With CEO Bill Newlands stepping down, the company anticipates a decline in the fine wine market. Chief Financial Officer Garth Hankinson pointed to various factors affecting margins for the fourth quarter ending February 28, including “continued category pressures, channel headwinds, timing of leverage costs, and rebalancing of distributor inventory.”
During an April 7 conference call, Hankinson noted, “U.S. fine wine has shifted from expected low-single-digit growth to a low-single-digit decline. Similarly, U.S. fine spirits have dropped from positive mid-single-digit growth to flat or slight decline.” He added that while the company is doing better than the market, it remains on a lower base.
Newlands, who had been with Constellation since 2019, resigned on April 13, passing the CEO role to board member Nick Fink. Fink expressed a desire to “further strengthen the company’s core strengths.”
Despite challenges, Newlands mentioned that the company ended the 2026 financial year with “solid momentum” in the beer sector, even considering a “challenging economic backdrop with more selective purchasing behavior.” Fink reassured stakeholders that the company enters its next phase “from a position of strength,” bolstered by a solid beer portfolio and a redesigned wine offering.

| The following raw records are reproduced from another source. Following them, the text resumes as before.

Definition has_syl_expr (A B : aut -> Prop) (h : aut) (n : nat) : Prop :=
  exists sa sb an, [/\ size sa = n, size sb = n,
    (forall i, i < n -> A (nth aut1 sa i)) /\
    (forall i, i < n -> B (nth aut1 sb i)), A an & h = syl_expr sa sb an].

Definition syl (A B : aut -> Prop) (h : aut) (n : nat) : Prop :=
  has_syl_expr A B h n /\ forall m, m < n -> ~ has_syl_expr A B h m.

Definition mp (A : aut -> Prop) (x0 x : X) (c : aut) : Prop :=
  A c /\ lact c x0 = x.
Definition frakC (A : aut -> Prop) (x0 : X) (a : aut) (x : X) (z : aut) : Prop :=
  exists c, mp A x0 x c /\ z = autmul (autmul c a) (autinv c).

End TreeAut.

Arguments aut1 {X}.

(* Every b in B fixes the first level, so g acts on letters as a_n, and its section at y is the
   product of the b_i|_{y.a_i}.  Hence g||_x = g^l|_x is the product, over the orbit points
   x.a_n^j (j < l) and i < n, of the letters b_i|_{(x.a_n^j).a_i}.  Such a letter is b_i itself
   when (x.a_n^j).a_i = 0 and lies in A otherwise; as the orbit points are distinct, each i
   yields at most one letter from B.  Absorbing the letters from A into the conjugators writes
   g||_x with as many syllables as letters from B, so syl(g||_x) = n forces every i to send
   exactly one orbit point x.a_n^{j_i} to 0.  The conjugator a_i^-1 a_n^{l - j_i} then gives
   both the membership in C(a_n, x) and the exponents j(i) = l - j_i. *)

From Pilot Require Import Defs.
From mathcomp Require Import all_boot all_order all_algebra.
From Stdlib Require Import FunctionalExtensionality ProofIrrelevance ClassicalEpsilon.
Set Implicit Arguments. Unset Strict Implicit. Unset Printing Implicit Defensive.

Section TreeAutomorphisms.
Variable X : Type.
Implicit Types (g h a b : aut X) (y : X).

Lemma aut_ext g h : fwd g =1 fwd h -> g = h.
Proof.
case: g h => f1 b1 p1 q1 r1 s1 [f2 b2 p2 q2 r2 s2] /= /functional_extensionality ef.
subst f2; have eb : b1 = b2.
  by apply: functional_extensionality => w; rewrite -[w in b1 w](q2 w) p1.
by subst b2; f_equal; apply: proof_irrelevance.
Qed.

Lemma autmulA g h (k : aut X) : autmul (autmul g h) k = autmul g (autmul h k).
Proof. exact: aut_ext. Qed.

Lemma autmul1g g : autmul aut1 g = g.
Proof. exact: aut_ext. Qed.

Lemma autmulg1 g : autmul g aut1 = g.
Proof. exact: aut_ext. Qed.

Lemma fwd_letter g y : fwd g [:: y] = [:: lact g y].
Proof. by rewrite /lact; have := fwd_size g [:: y]; case: (fwd g [:: y]) => [|z []]. Qed.

Lemma fwd_cons g y v : fwd g (y :: v) = lact g y :: fwd (section g [:: y]) v.
Proof. by rewrite -cat1s pre_cat fwd_letter. Qed.

Lemma lact_autmul g h y : lact (autmul g h) y = lact h (lact g y).
Proof. by rewrite /lact /= !fwd_letter. Qed.

Lemma lact_autinvK g y : lact (autinv g) (lact g y) = y.
Proof. by rewrite /lact /= -fwd_letter fwdK. Qed.

Lemma lact_inj g : injective (lact g).
Proof. exact: can_inj (lact_autinvK g). Qed.

Lemma iter_lact_inj g k : injective (iter k (lact g)).
Proof. by elim: k => [|k IH] y z //= /(@lact_inj g) /IH. Qed.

Robert Mondavi Winery, located in Oakville, California, is set to reopen on April 20 following renovations. The winery plans to offer a “Pioneer Tasting” course for $60. However, Hankinson mentioned that the Napa tasting room has also been struggling, remarking on a general softness at Napa-based wineries.
Many local wineries face similar difficulties, with some owners opting to sell to larger corporations or shutting down altogether. The loss of the boomer generation, a key demographic for wine consumption, has contributed to the industry’s economic troubles.